Once he reached the refrigerator, he realized he had no idea how to make a cake, much less what should go in one. "So if you were your hare-brained wife-" to which Aro dropped the bag of sugar he had been measuring from and gasped, "I beg your pardon?" "Where would you put a cookbook?" Aro smiled smugly. "Sulpicia doesn't have any cook books. She remembers or invents all of her recipes." Caius raised a pale brow. "So what would she put in a cake, then?" he asked, annoyed. "I don't know." Aro shot back. "What do YOU think she'd put in a cake?" Aro was, in reality, stalling for time, because he didn't know any more than Caius did what Sulpicia might put in a cake, but could at the very least make an educated guess.

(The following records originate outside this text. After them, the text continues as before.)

Definition period_prop (m : nat) (alpha : 'I_m -> algC) (M : nat) : Prop :=
  (0 < M)%N /\
  forall e : 'I_m -> int,
    (exists n : nat, (0 < n)%N /\ mprod alpha e ^+ n = 1) -> mprod alpha e ^+ M = 1.

Definition is_period (m : nat) (alpha : 'I_m -> algC) (M : nat) : Prop :=
  period_prop alpha M /\ forall M' : nat, period_prop alpha M' -> (M <= M')%N.

Definition mult_indep (r : nat) (gamma : 'I_r -> algC) : Prop :=
  (forall j, gamma j != 0) /\
  forall e : 'I_r -> int, \prod_(j < r) gamma j ^ e j = 1 -> forall j, e j = 0.

(* U_a(x, y) = sum_i g_i(x) zeta^{e_{i,0} a} y^{e_i}; its coefficient (a polynomial
   in x) at the monomial y^v, after combining terms with equal exponent vectors *)
Definition U_coef (m r : nat) (g : 'I_m -> {poly algC}) (zeta : algC)
  (e0 : 'I_m -> int) (e : 'I_m -> {ffun 'I_r -> int}) (a : nat)
  (v : {ffun 'I_r -> int}) : {poly algC} :=
  \sum_(i < m | e i == v) (zeta ^ (e0 i * a%:Z)) *: g i.

Definition U_zero (m r : nat) (g : 'I_m -> {poly algC}) (zeta : algC)
  (e0 : 'I_m -> int) (e : 'I_m -> {ffun 'I_r -> int}) (a : nat) : Prop :=
  forall v : {ffun 'I_r -> int}, U_coef g zeta e0 e a v = 0.

From mathcomp Require Import all_boot all_order all_algebra all_field.
From mathcomp Require Import ring zify.
Import Order.TTheory GRing.Theory Num.Theory.

Set Implicit Arguments.
Unset Strict Implicit.
Unset Printing Implicit Defensive.

Local Open Scope ring_scope.

(* For [n = a (mod M)] the root-of-unity part of [alpha_i ^ n] is frozen, so
   [u_n = sum_w U_w(n) (gamma^w)^n] is a generalized power sum in the monomials
   [gamma^w], with [U_a = sum_w U_w(x) y^w].  Along [n = A + j l] the sequence
   [j |-> u_(A + j l)] still satisfies a recurrence of length [k] (powers of the
   companion matrix and Cayley-Hamilton), so its [k] initial zeros make it vanish
   identically.  As a function of [j] it is a generalized power sum with the
   pairwise distinct bases [(gamma^w)^l] (multiplicative independence), and such a
   sum vanishes only if all its polynomial coefficients do (finite differences).
   Hence each [U_w] vanishes on the progression, so [U_w = 0]. *)

Lemma poly_eq0_natr_progression (R : numDomainType) (p : {poly R}) (c d : nat) :
  (0 < d)%N -> (forall j : nat, p.[(c + j * d)%:R] = 0) -> p = 0.
Proof.
move=> d_gt0 p_root; apply/eqP; apply: contraT => p_neq0.
have := max_poly_roots (rs := [seq (c + j * d)%:R | j <- iota 0 (size p)]) p_neq0.
rewrite size_map size_iota ltnn; apply.
  by apply/allP => x /mapP [j _ ->]; apply/rootP.
rewrite map_inj_uniq ?iota_uniq // => i j /eqP.
by rewrite eqr_nat eqn_add2l eqn_pmul2r // => /eqP.
Qed.

Section ShiftDifference.

Variable R : idomainType.
Implicit Types (b c x : R) (Q : {poly R}).

(* [(E - c) (Q(n) b^n) = (shift_diff b c Q)(n) b^n], with [E] the shift [n |-> n+1]. *)
Definition shift_diff b c Q : {poly R} := b *: (Q \Po ('X + 1%:P)) - c *: Q.

Lemma horner_shift_diff b c Q x :
  (shift_diff b c Q).[x] = b * Q.[x + 1] - c * Q.[x].
Proof. by rewrite hornerD hornerN !hornerZ horner_comp hornerD hornerX hornerC. Qed.

Lemma size_shift_diff b c Q : (size (shift_diff b c Q) <= size Q)%N.
Proof.
apply: leq_trans (size_polyD _ _) _; rewrite size_polyN geq_max.
by rewrite !(leq_trans (size_scale_leq _ _)) // size_comp_poly2 // size_XaddC.
Qed.

Lemma coef_shift_diff_top b c Q :
  (shift_diff b c Q)`_(size Q).-1 = (b - c) * lead_coef Q.
Proof.
rewrite coefD coefN !coefZ mulrBl; congr (b * _ - _).
rewrite -[in LHS](size_comp_poly2 Q (size_XaddC 1)) -/(lead_coef _).
by rewrite lead_coef_comp ?size_XaddC // lead_coefXaddC expr1n mulr1.
Qed.

Lemma size_shift_diff_lt b Q : Q != 0 -> (size (shift_diff b b Q) < size Q)%N.
Proof.
move=> Q_neq0; rewrite ltn_neqAle size_shift_diff andbT; apply/eqP => size_eq.
have := coef_shift_diff_top b b Q; rewrite subrr mul0r -size_eq -/(lead_coef _).
by move/eqP; rewrite lead_coef_eq0 -size_poly_eq0 size_eq size_poly_eq0 (negbTE Q_neq0).
Qed.

Lemma shift_diff_neq0 b c Q : b != c -> Q != 0 -> shift_diff b c Q != 0.
Proof.
move=> b_neq_c Q_neq0; apply: contraNneq Q_neq0 => Qc_eq0.
have := coef_shift_diff_top b c Q; rewrite Qc_eq0 coef0 => /esym/eqP.
by rewrite mulf_eq0 subr_eq0 (negbTE b_neq_c) lead_coef_eq0.
Qed.

End ShiftDifference.

Section GeneralizedPowerSums.

Variables (R : numDomainType) (T : eqType).
Implicit Types (s : seq T) (Q : T -> {poly R}) (beta : T -> R).

Definition gpsum s Q beta (n : nat) : R := \sum_(t <- s) (Q t).[n%:R] * beta t ^+ n.

Lemma gpsum_shift_diff s Q beta (c : R) :
  (forall n, gpsum s Q beta n = 0) ->
  forall n, gpsum s (fun t => shift_diff (beta t) c (Q t)) beta n = 0.
Proof.
move=> Q_gpsum0 n; rewrite /gpsum.
rewrite (eq_bigr (fun t => (Q t).[n.+1%:R] * beta t ^+ n.+1
                        - c * ((Q t).[n%:R] * beta t ^+ n))); last first.
  by move=> t _; rewrite horner_shift_diff natr1 exprS; ring.
by rewrite sumrB -mulr_sumr -!/(gpsum _ _ _ _) !Q_gpsum0 mulr0 subrr.
Qed.

(* Induction on the total size of the polynomials: applying [E - beta t0]
   lowers the degree of [Q t0] and does not raise the others. *)
Lemma gpsum_eq0_polys_eq0 s Q beta :
  uniq s -> {in s &, injective beta} -> {in s, forall t, beta t != 0} ->
  (forall n, gpsum s Q beta n = 0) -> {in s, forall t, Q t = 0}.
Proof.
move: {-1}(\sum_(t <- s) (size (Q t)).+1)%N
  (leqnn (\sum_(t <- s) (size (Q t)).+1)%N) => N.
elim: N s Q => [|N IH] [|t0 s] Q //; rewrite big_cons // => size_le.
move=> /= /andP [t0_notin_s s_uniq] beta_inj beta_neq0 Q_gpsum0.
have beta_inj_s : {in s &, injective beta}.
  by move=> x y xs ys; apply: beta_inj; rewrite inE ?xs ?ys orbT.
have [Qt0_eq0|Qt0_neq0] := eqVneq (Q t0) 0.
  have Qs_eq0 : {in s, forall t, Q t = 0}.
    apply: (IH s Q) => //; first lia.
      by move=> t ts; apply: beta_neq0; rewrite inE ts orbT.
    move=> n; have := Q_gpsum0 n.
    by rewrite /gpsum big_cons Qt0_eq0 horner0 mul0r add0r.
  by move=> t; rewrite inE => /predU1P [->|/Qs_eq0].
pose Q' t := shift_diff (beta t) (beta t0) (Q t).
have Q'_eq0 : {in t0 :: s, forall t, Q' t = 0}.
  apply: IH => //=; last exact: gpsum_shift_diff; last by rewrite t0_notin_s.
  have size_t0 : (size (Q' t0) < size (Q t0))%N := size_shift_diff_lt _ Qt0_neq0.
  have size_s : (\sum_(t <- s) (size (Q' t)).+1 <= \sum_(t <- s) (size (Q t)).+1)%N.
    by apply: leq_sum => t _; rewrite ltnS size_shift_diff.
  rewrite big_cons -ltnS (leq_trans _ size_le) // -addSn leq_add //=; exact: size_s.
have Qs_eq0 : {in s, forall t, Q t = 0}.
  move=> t ts; apply/eqP; apply: contraT => Qt_neq0.
  have beta_t_neq : beta t != beta t0.
    by apply: contraNneq t0_notin_s => /beta_inj <-; rewrite ?inE ?ts ?eqxx ?orbT.
  have ts' : t \in t0 :: s by rewrite inE ts orbT.
  have := shift_diff_neq0 beta_t_neq Qt_neq0.
  by rewrite -/(Q' t) (Q'_eq0 t ts') eqxx.
have Qt0_eq0 : Q t0 = 0.
  apply: (@poly_eq0_natr_progression _ _ 0 1) => // n; rewrite add0n muln1.
  have := Q_gpsum0 n; rewrite /gpsum big_cons big1_seq ?addr0; last first.
    by move=> t /andP [_ ts]; rewrite Qs_eq0 // horner0 mul0r.
  move/eqP; rewrite mulf_eq0 expf_eq0 (negbTE (beta_neq0 t0 _)) ?mem_head // andbF orbF.
  by move/eqP.
by move=> t; rewrite inE => /predU1P [->|/Qs_eq0].
Qed.

End GeneralizedPowerSums.

Lemma horner_mx_coefE (R : comNzRingType) (n : nat) (B : 'M[R]_n.+1) (p : {poly R}) :
  horner_mx B p = \sum_(t < size p) p`_t *: B ^+ t.
Proof.
rewrite -[in LHS](coefK p) poly_def rmorph_sum; apply: eq_bigr => t _.
by rewrite -mul_polyC rmorphM rmorphXn /= horner_mx_C horner_mx_X -mul_scalar_mx.
Qed.

(* The coefficients of the recurrence are those of [char_poly B] (Cayley-Hamilton). *)
Lemma has_recurrence_mxpow (p n : nat) (Y : 'M[algC]_(p, n.+1)) (B : 'M_n.+1) i j :
  has_recurrence (fun t => (Y *m B ^+ t) i j) n.+1.
Proof.
pose chi := char_poly B.
have chi_top : chi`_n.+1 = 1.
  by have /monicP := char_poly_monic B; rewrite /lead_coef size_char_poly.
exists (fun s => - chi`_s) => t.
have := congr1 (fun C => (Y *m B ^+ t *m C) i j) (Cayley_Hamilton B).
rewrite /= horner_mx_coefE size_char_poly big_ord_recr /= -/chi chi_top scale1r.
rewrite mulmxDr mulmx_sumr mulmx0 [in RHS]mxE [_ i j]mxE summxE.
move=> /eqP; rewrite addrC addr_eq0 exprD mulmxA => /eqP ->.
rewrite -sumrN; apply: eq_bigr => s _.
by rewrite -scalemxAr mxE exprD mulmxA mulNr.
Qed.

"Aro, I'm serious." He said, turning to face his dark-haired brother. "If you're going to act like a dweeb, I swear I'll go and get Sul and Athena and tell them that it's all your fault there's sugar all over the floor, and they won't give it up, and they'll find out your little plan and you will be sunk." Said Caius, with an air of vindictive pleasure at the end of that statement. Aro frowned, weighing his chances that Caius, well known for obscene threats and grandstanding, would actually do as he threatened. He probably wouldn't but then again, he just might. "I'd say some sort of ratio of eggs, flour, sugar, milk, blood, and flavoring. "Allright then." Said Caius, pulling the blood, eggs and milk from the refrigerator and plunking them down next to the mixer. Without even measuring, he tossed in some milk, some blood, three eggs (shell, yolk, white and all) upended the cocoa powder, put in five handfuls of flour, and roughly grabbed the sugar from Aro, who had just been about to put it away, and got more sugar all over the floor as he tossed in two handfuls. Then he plugged the mixer in and pressed the "On" button. The beaters started mixing, but they weren't even touching the strange-looking mixture in the bowl below. Irritated, Caius put the speed up a notch. And then, when nothing continued happening, he put them up another notch, and then another, and on and on until the beaters were running at top speed. "Aro?" he called. "Why is this stupid piece of junk not working right?" Aro patiently explained, "do you see that this lever on the side? If you turn it clockwise, it will raise the bowl, which will put your mixture in the path of the beaters." Comprehension sparked in Caius's eyes, and he hastened to do so. Alas, he hadn't turned off the beaters, which were still running at maximum speed, and Caius, along with the surrounding walls, surfaces, and appliances, were splattered from head to foot with a runny, lumpy, and in some places, shelly, dark reddish-brown liquid that was allegedly cake batter.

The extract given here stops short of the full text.